Lemma nat_bits_inj n a b : (a < 2 ^ n)%N -> (b < 2 ^ n)%N ->
  (forall k, (k < n)%N -> odd (a %/ 2 ^ k) = odd (b %/ 2 ^ k)) -> a = b.
Proof.
elim: n a b => [|n IHn] a b; first by rewrite expn0 !ltnS !leqn0 => /eqP-> /eqP->.
move=> ha hb eq_bits; rewrite -(odd_double_half a) -(odd_double_half b).
have := eq_bits 0%N isT; rewrite !expn0 !divn1 => ->.
congr (_ + _.*2)%N; apply: IHn; rewrite -?divn2 ?ltn_divLR // -?expnSr //.
by move=> k lt_kn; rewrite -!divnMA -expnS; apply: eq_bits.
Qed.

Section BitBasis.
Variable N : nat.
Notation word := {ffun 'I_N -> bool}.

Definition bits (a : 'I_(2 ^ N)) : word := [ffun k : 'I_N => qbit a k].

Lemma bits_inj : injective bits.
Proof.
move=> a b /ffunP eq_ab; apply/val_inj/(@nat_bits_inj N); rewrite ?ltn_ord // => k lt_kN.
by have := eq_ab (Ordinal lt_kN); rewrite !ffunE.
Qed.

Lemma bits_codom (f : word) : f \in codom bits.
Proof.
apply: inj_card_onto; first exact: bits_inj.
by rewrite card_ffun card_bool !card_ord.
Qed.

Definition of_bits (f : word) : 'I_(2 ^ N) := iinv (bits_codom f).

Lemma of_bitsK : cancel of_bits bits.
Proof. by move=> f; rewrite f_iinv. Qed.

Lemma bitsK : cancel bits of_bits.
Proof. by move=> a; apply: bits_inj; rewrite of_bitsK. Qed.

Lemma qbit_of_bits (f : word) (k : 'I_N) : qbit (of_bits f) k = f k.
Proof. by rewrite -[in RHS](of_bitsK f) ffunE. Qed.

Lemma reindex_of_bits (V : nmodType) (P : pred 'I_(2 ^ N)) (F : 'I_(2 ^ N) -> V) :
  \sum_(a | P a) F a = \sum_(f : word | P (of_bits f)) F (of_bits f).
Proof. exact/reindex/onW_bij/(Bijective of_bitsK bitsK). Qed.

End BitBasis.

Lemma sum_delta_mull (I : finType) (b : I) (F : I -> algC) :
  \sum_c (c == b)%:R * F c = F b.
Proof.
rewrite (bigD1 b) //= eqxx mul1r big1 ?addr0 // => c /negbTE ->.
by rewrite mul0r.
Qed.

Section PauliEntries.
Variable N : nat.
Notation word := {ffun 'I_N -> bool}.
Notation Op := 'M[algC]_(2 ^ N).

Definition flip (f : word) (i : 'I_N) : word := [ffun k => f k (+) (k == i)].
Definition zsign (S : {set 'I_N}) (f : word) : algC := \prod_(k in S) (-1) ^+ f k.

Lemma flipK i : involutive (flip^~ i).
Proof. by move=> f; apply/ffunP => k; rewrite !ffunE addbK. Qed.
Lemma prefix_idealMl k c f : prefix_ideal k f -> prefix_ideal k (c * f).
Proof.
move=> [a ->]; exists (fun j => c * a j).
by rewrite mulr_sumr; apply: eq_bigr => j _; rewrite mulrA.
Qed.

Lemma prefix_idealZ k c f : prefix_ideal k f -> prefix_ideal k (c *: f).
Proof. by rewrite -mul_mpolyC; apply: prefix_idealMl. Qed.

Lemma prefix_idealS k f : prefix_ideal k f -> prefix_ideal k.+1 f.
Proof.
move=> [a ->]; exists (fun j => if (j < k)%N then a j else 0).
rewrite big_nat_recr //= ltnn mul0r addr0.
by apply: eq_big_nat => j /andP [_ ->].
Qed.

Lemma prefix_ideal_mono k k' f : (k <= k')%N -> prefix_ideal k f -> prefix_ideal k' f.
Proof.
move=> /subnKC <-; elim: (k' - k)%N => [|d IHd] fI; first by rewrite addn0.
by rewrite addnS; apply/prefix_idealS/IHd.
Qed.

Lemma prefix_ideal_gen k : prefix_ideal k.+1 (q k).
Proof.
exists (fun j => (j == k)%:R).
rewrite big_nat_recr //= eqxx mul1r big1_seq ?add0r // => j.
by rewrite mem_index_iota => /andP [_ /ltn_eqF ->]; rewrite mul0r.
Qed.

Definition lead_ideal k (m : 'X_{1..n}) :=
  exists g, [/\ prefix_ideal k g, g != 0 & (mlead g <= m)%MM].

Lemma lead_idealS k m m' : lead_ideal k m -> (m <= m')%MM -> lead_ideal k m'.
Proof. by move=> [g [gI gn0 gm]] mm'; exists g; split=> //; apply: lepm_trans mm'. Qed.

Lemma lead_ideal_mono k k' m : (k <= k')%N -> lead_ideal k m -> lead_ideal k' m.
Proof. by move=> kk' [g [gI gn0 gm]]; exists g; split=> //; apply: prefix_ideal_mono gI. Qed.

(* Division by an element of [prefix_ideal k] with the same leading monomial
   strictly decreases the leading monomial; conclude by well-founded induction. *)
Lemma prefix_ideal_step k : (forall m, lead_ideal k.+1 m -> lead_ideal k m) ->
  forall f, prefix_ideal k.+1 f -> prefix_ideal k f.
Proof.
move=> lead_eq f; move: {2}(mlead f) (erefl (mlead f)) => mf.
elim/(well_founded_ind (@ltom_wf n)): mf f => mf IH f ef fI.
have [->|fn0] := eqVneq f 0; first exact: prefix_ideal0.
have [g [gI gn0 /submK lg]] : lead_ideal k (mlead f).
  by apply: lead_eq; exists f; split=> //; apply: lepm_refl.
pose g' := 'X_[mlead f - mlead g] * g.
have Xn0 : 'X_[mlead f - mlead g] != 0 :> {mpoly K[n]}.
  by rewrite -mleadc_eq0 mleadXm mcoeffX eqxx oner_eq0.
have g'n0 : g' != 0 by rewrite mulf_neq0.
have lg' : mlead g' = mlead f by rewrite mleadM // mleadXm lg.
have g'I : prefix_ideal k g' by apply: prefix_idealMl.
pose f' := f - (mleadc f / mleadc g') *: g'.
have -> : f = f' + (mleadc f / mleadc g') *: g' by rewrite /f' subrK.
apply: prefix_idealD; last exact: prefix_idealZ.
have [->|f'n0] := eqVneq f' 0; first exact: prefix_ideal0.
apply: (IH (mlead f')) => //; last first.
  by apply: prefix_idealD fI _; rewrite -scaleNr; apply/prefix_idealS/prefix_idealZ.
have f'le : (mlead f' <= mlead f)%O.
  apply: le_trans (mleadB_le _ _) _; rewrite leUidr.
  by apply: le_trans (mleadZ_le _ _) _; rewrite lg'.
rewrite -ef lt_neqAle f'le andbT; apply: contra f'n0 => /eqP ef'.
rewrite -mleadc_eq0 ef' mcoeffB mcoeffZ -lg' divfK ?subrr //.
by rewrite mleadc_eq0.
Qed.
(* Along the good region the angle bound improves from 1/2 to 4κh <= 1/4, which
   makes the region both closed and open in [0,1]. *)
Lemma tangent_close_all t : 0 <= t <= 1 -> tangent_close t.
Proof.
  assert (Hreg := proj1 arc).
  assert (Hnorm : forall u, (vx ^ 2 + vy ^ 2) * (cdx g u ^ 2 + cdy g u ^ 2) = p u ^ 2 + q u ^ 2)
    by (intros; unfold proj_tangent, cross_tangent; ring).
  assert (H0 := initial_tangent_nonzero).
  apply real_induction; [lra| | |].
  - unfold tangent_close, proj_tangent, cross_tangent. split; [nra|].
    replace (vx * vy - vy * vx) with 0 by ring. rewrite Rabs_R0. nra.
  - intros t' Ht HP.
    assert (Hleft : forall s, 0 <= s < t' -> Rabs (q s) <= p s / 4).
    { intros s Hs. pose proof (cross_tangent_le s ltac:(lra) ltac:(intros u Hu; apply HP; lra)).
      destruct (HP s Hs) as [Hp _]. nra. }
    assert (L1 := continuity_pt_ge0_left _ 0 t'
      (continuity_pt_tangent_comb g vx vy (1 / 4) (-1) t') ltac:(lra)
      ltac:(intros s Hs; pose proof (Rabs_le_inv _ _ (Hleft s Hs)); lra)).
    assert (L2 := continuity_pt_ge0_left _ 0 t'
      (continuity_pt_tangent_comb g vx vy (1 / 4) 1 t') ltac:(lra)
      ltac:(intros s Hs; pose proof (Rabs_le_inv _ _ (Hleft s Hs)); lra)).
    cbv beta in L1, L2.
    assert (Hpt : 0 < p t').
    { destruct (Rlt_dec 0 (p t')) as [|Hn]; [assumption|]. exfalso.
      assert (E1 : p t' = 0) by lra. assert (E2 : q t' = 0) by lra.
      specialize (Hnorm t'). rewrite E1, E2 in Hnorm.
      assert (0 < (vx ^ 2 + vy ^ 2) * (cdx g t' ^ 2 + cdy g t' ^ 2))
        by (apply Rmult_lt_0_compat; [lra|apply Hreg; lra]).
      lra. }
    split; [exact Hpt|]. apply Rabs_le; lra.
  - intros t' Ht HP.
    pose proof (cross_tangent_le t' ltac:(lra) HP) as Hq.
    destruct (HP t' ltac:(lra)) as [Hp _].
    assert (Hq4 : Rabs (q t') <= p t' / 4) by nra. apply Rabs_le_inv in Hq4.
    destruct (continuity_pt_pos_near _ t' (continuity_pt_tangent_comb g vx vy (1 / 2) (-1) t'))
      as [d1 [Hd1 P1]]; [lra|].
    destruct (continuity_pt_pos_near _ t' (continuity_pt_tangent_comb g vx vy (1 / 2) 1 t'))
      as [d2 [Hd2 P2]]; [lra|].
    exists (Rmin d1 d2); split; [apply Rmin_pos; assumption|].
    intros s Hs. pose proof (Rmin_l d1 d2). pose proof (Rmin_r d1 d2).
    specialize (P1 s ltac:(apply Rabs_def1; lra)). specialize (P2 s ltac:(apply Rabs_def1; lra)).
    cbv beta in P1, P2. split; [lra|]. apply Rabs_le; lra.
Qed.
Lemma bernpoly_sqnorm_step q :
  16 * PI ^ 4 * bernpoly_sqnorm (2 * q + 3)
  <= INR (2 * q + 3) ^ 2 * INR (2 * q + 2) ^ 2 * bernpoly_sqnorm (2 * q + 1).
Proof.
  set (k := (2 * q + 1)%nat).
  replace (2 * q + 3)%nat with (S (S k)) by (unfold k; lia).
  replace (2 * q + 2)%nat with (S k) by (unfold k; lia).
  assert (H0 : bernpoly (S (S k)) 0 = 0).
  { rewrite bernpoly_at_0; replace (S (S k)) with (2 * q + 3)%nat by (unfold k; lia).
    apply bernoulli_odd. }
  assert (H1 : bernpoly (S (S k)) 1 = 0) by (rewrite bernpoly_at_1, <- bernpoly_at_0; exact H0).
  assert (Hhalf : bernpoly (S (S k)) (1/2) = 0).
  { replace (S (S k)) with (2 * (q + 1) + 1)%nat by (unfold k; lia); apply bernpoly_odd_half. }
  assert (Hw := bernpoly_sqnorm_wirtinger (S k) H0 Hhalf H1).
  assert (Hparts := bernpoly_by_parts_vanishing k H0 H1).
  assert (Hcs := RInt_Cauchy_Schwarz (bernpoly k) (bernpoly (S (S k))) 0 1 ltac:(lra)
    (ex_RInt_bernpoly_sqr _ _ _) (ex_RInt_bernpoly_sqr _ _ _) (ex_RInt_bernpoly_mul _ _ _ _)).
  fold (bernpoly_sqnorm k) (bernpoly_sqnorm (S (S k))) in Hcs.
  set (Z := RInt (fun x => bernpoly k x * bernpoly (S (S k)) x) 0 1) in *.
  set (X0 := bernpoly_sqnorm k) in *; set (X1 := bernpoly_sqnorm (S k)) in *;
    set (X2 := bernpoly_sqnorm (S (S k))) in *.
  assert (HX0 : 0 <= X0) by apply bernpoly_sqnorm_nonneg.
  assert (HX2 : 0 <= X2) by apply bernpoly_sqnorm_nonneg.
  assert (Ha : 0 < INR (S k)) by (apply lt_0_INR; lia).
  assert (Hb : 0 < INR (S (S k))) by (apply lt_0_INR; lia).
  assert (HP : 0 <= 4 * PI ^ 2 * X2) by (pose proof PI_RGT_0; apply Rmult_le_pos; nra).
  assert (Hsq : (4 * PI ^ 2 * X2) ^ 2 <= INR (S (S k)) ^ 2 * INR (S k) ^ 2 * (X0 * X2)).
  { assert (HX1 : INR (S (S k)) ^ 2 * X1 = - (INR (S (S k)) * INR (S k) * Z)).
    { replace (INR (S (S k)) ^ 2 * X1) with (INR (S (S k)) * (INR (S (S k)) * X1)) by ring.
      replace (INR (S (S k)) * X1) with (- (INR (S k) * Z)) by lra; ring. }
    apply Rle_trans with ((- (INR (S (S k)) * INR (S k) * Z)) ^ 2).
    - apply pow_incr; split; [exact HP | lra].
    - replace ((- _) ^ 2) with (INR (S (S k)) ^ 2 * INR (S k) ^ 2 * Z ^ 2) by ring.
      apply Rmult_le_compat_l; [nra | exact Hcs]. }
  destruct (Req_dec X2 0) as [HX2z|HX2pos].
  { rewrite HX2z, Rmult_0_r; apply Rmult_le_pos; [nra | exact HX0]. }
  apply (Rmult_le_reg_r X2); [lra|].
  replace (16 * PI ^ 4 * X2 * X2) with ((4 * PI ^ 2 * X2) ^ 2) by ring.
  replace (_ * X0 * X2) with (INR (S (S k)) ^ 2 * INR (S k) ^ 2 * (X0 * X2)) by ring.
  exact Hsq.
Qed.

Lemma bernpoly_sqnorm_odd_le q :
  bernpoly_sqnorm (2 * q + 1) * (2 * PI) ^ (4 * q) * 12 <= INR (fact (2 * q + 1)) ^ 2.
Proof.
  induction q as [|q IH].
  - change (2 * 0 + 1)%nat with 1%nat; rewrite bernpoly_sqnorm_1; simpl; lra.
  - replace (2 * S q + 1)%nat with (S (S (2 * q + 1))) by lia.
    rewrite !fact_simpl, !mult_INR.
    replace (S (S (2 * q + 1))) with (2 * q + 3)%nat by lia.
    replace (S (2 * q + 1)) with (2 * q + 2)%nat by lia.
    replace (4 * S q)%nat with (4 * q + 4)%nat by lia; rewrite pow_add.
    pose proof (bernpoly_sqnorm_step q) as Hstep.
    assert (HP : 0 <= (2 * PI) ^ (4 * q)) by (apply pow_le; pose proof PI_RGT_0; lra).
    set (a := INR (2 * q + 3)); set (b := INR (2 * q + 2));
      set (P := (2 * PI) ^ (4 * q)) in *.
    apply Rle_trans with (a ^ 2 * b ^ 2 * (bernpoly_sqnorm (2 * q + 1) * P * 12)).
    + replace ((2 * PI) ^ 4) with (16 * PI ^ 4) by ring.
      replace (a ^ 2 * b ^ 2 * _) with (a ^ 2 * b ^ 2 * bernpoly_sqnorm (2 * q + 1) * (P * 12))
        by ring.
      replace (bernpoly_sqnorm (2 * q + 3) * _ * 12)
        with (16 * PI ^ 4 * bernpoly_sqnorm (2 * q + 3) * (P * 12)) by ring.
      apply Rmult_le_compat_r; [lra | exact Hstep].
    + replace ((a * (b * INR (fact (2 * q + 1)))) ^ 2)
        with (a ^ 2 * b ^ 2 * INR (fact (2 * q + 1)) ^ 2) by ring.
      apply Rmult_le_compat_l; [nra | exact IH].
Qed.

Lemma bernoulli_even_le j :
  Rabs (bernoulli (2 * j + 2)) * (2 * PI) ^ (2 * j) * 12 <= INR (fact (2 * j + 2)).
Proof.
  pose proof (bernoulli_as_RInt (2 * j)) as HB.
  replace (S (S (2 * j))) with (2 * j + 2)%nat in HB by lia.
  replace (S (2 * j)) with (2 * j + 1)%nat in HB by lia.
  pose proof (RInt_Cauchy_Schwarz (bernpoly 1) (bernpoly (2 * j + 1)) 0 1 ltac:(lra)
    (ex_RInt_bernpoly_sqr _ _ _) (ex_RInt_bernpoly_sqr _ _ _) (ex_RInt_bernpoly_mul _ _ _ _))
    as Hcs.
  fold (bernpoly_sqnorm 1) (bernpoly_sqnorm (2 * j + 1)) in Hcs.
  rewrite bernpoly_sqnorm_1 in Hcs.
  pose proof (bernpoly_sqnorm_odd_le j) as Hodd.
  replace (4 * j)%nat with (2 * j * 2)%nat in Hodd by lia; rewrite pow_mult in Hodd.
  replace (fact (2 * j + 2)) with ((2 * j + 2) * fact (2 * j + 1))%nat
    by (replace (2 * j + 2)%nat with (S (2 * j + 1)) by lia; reflexivity).
  rewrite mult_INR, HB, Rabs_mult, Rabs_pos_eq by apply pos_INR.
  set (Z := RInt _ 0 1) in *; set (P := (2 * PI) ^ (2 * j)) in *.
  set (M := INR (2 * j + 2)); set (F := INR (fact (2 * j + 1))) in *.
  assert (HP : 0 <= P) by (apply pow_le; pose proof PI_RGT_0; lra).
  assert (HM : 0 <= M) by apply pos_INR.
  assert (HF : 0 <= F) by apply pos_INR.
  pose proof (bernpoly_sqnorm_nonneg (2 * j + 1)).
  assert (HZ : (Rabs Z * P * 12) ^ 2 <= F ^ 2).
  { rewrite !Rpow_mult_distr, pow2_abs; nra. }
  replace (M * Rabs Z * P * 12) with (M * (Rabs Z * P * 12)) by ring.
  apply Rmult_le_compat_l; [exact HM|].
  assert (0 <= Rabs Z * P * 12) by (pose proof (Rabs_pos Z); nra).
  nra.
Qed.

(** * Genocchi numbers *)

Lemma genocchi_1 : genocchi 1 = 1.
Proof. unfold genocchi; rewrite bernoulli_1; field. Qed.

Lemma genocchi_odd q : genocchi (2 * q + 3) = 0.
Proof. unfold genocchi; rewrite bernoulli_odd; ring. Qed.

Lemma genocchi_even_le j :
  Rabs (genocchi (2 * j + 2)) * PI ^ (2 * j + 2) <= 2/3 * PI ^ 2 * INR (fact (2 * j + 2)).
Proof.
  pose proof (bernoulli_even_le j) as HB.
  unfold genocchi; set (B := bernoulli (2 * j + 2)) in *.
  set (T := 2 ^ (2 * j)); set (Q := PI ^ (2 * j)).
  rewrite Rpow_mult_distr in HB; fold T Q in HB.
  replace (2 ^ (2 * j + 2)) with (4 * T) by (unfold T; rewrite pow_add; simpl; ring).
  rewrite (pow_add PI); fold Q.
  assert (HT : 1 <= T) by (apply pow_R1_Rle; lra).
  assert (HQ : 0 < Q) by (apply pow_lt, PI_RGT_0).
  assert (HPI : 0 < PI ^ 2) by (apply pow_lt, PI_RGT_0).
  rewrite !Rabs_mult, (Rabs_left1 (1 - 4 * T)), (Rabs_pos_eq 2) by lra.
  pose proof (Rabs_pos B).
  apply Rle_trans with (8 * T * Rabs B * (Q * PI ^ 2)).
  - apply Rmult_le_compat_r; nra.
  - replace (8 * T * Rabs B * (Q * PI ^ 2))
      with (2/3 * PI ^ 2 * (Rabs B * (T * Q) * 12)) by field.
    apply Rmult_le_compat_l; [lra | exact HB].
Qed.

Lemma C_genocchi_even_le n j : (2 * j + 2 <= n)%nat ->
  Rabs (C n (2 * j + 2) * genocchi (2 * j + 2)) <= 7 * (INR n / PI) ^ (2 * j + 2).
Proof.
  intros Hn; set (m := (2 * j + 2)%nat).
  assert (HPIm : 0 < PI ^ m) by apply pow_lt, PI_RGT_0.
  unfold Rdiv; rewrite Rpow_mult_distr, pow_inv, Rabs_mult, (Rabs_pos_eq (C n m))
    by apply C_nonneg.
  apply (Rmult_le_reg_r (PI ^ m)); [exact HPIm|].
  replace (7 * _ * _) with (7 * INR n ^ m) by (field; lra).
  pose proof (genocchi_even_le j) as HG; fold m in HG.
  pose proof (C_mul_fact_le_pow n m Hn) as HC.
  pose proof (C_nonneg n m); pose proof PI_sqr_le; pose proof (pow_lt _ 2 PI_RGT_0).
  apply Rle_trans with (C n m * (2/3 * PI ^ 2 * INR (fact m))).
  - rewrite Rmult_assoc; apply Rmult_le_compat_l; assumption.
  - replace (C n m * _) with (2/3 * PI ^ 2 * (C n m * INR (fact m))) by ring.
    pose proof (pow_le _ m (pos_INR n)); nra.
Qed.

----

ACTION ITEM:
Of the entries above, transcribe exactly those lines that fall between the line containing "have -> : f" and the line containing "rewrite -ef lt_neqAle", together with those two lines.

ANSWER BELOW:
have -> : f = f' + (mleadc f / mleadc g') *: g' by rewrite /f' subrK.
apply: prefix_idealD; last exact: prefix_idealZ.
have [->|f'n0] := eqVneq f' 0; first exact: prefix_ideal0.
apply: (IH (mlead f')) => //; last first.
  by apply: prefix_idealD fI _; rewrite -scaleNr; apply/prefix_idealS/prefix_idealZ.
have f'le : (mlead f' <= mlead f)%O.
  apply: le_trans (mleadB_le _ _) _; rewrite leUidr.
  by apply: le_trans (mleadZ_le _ _) _; rewrite lg'.
rewrite -ef lt_neqAle f'le andbT; apply: contra f'n0 => /eqP ef'.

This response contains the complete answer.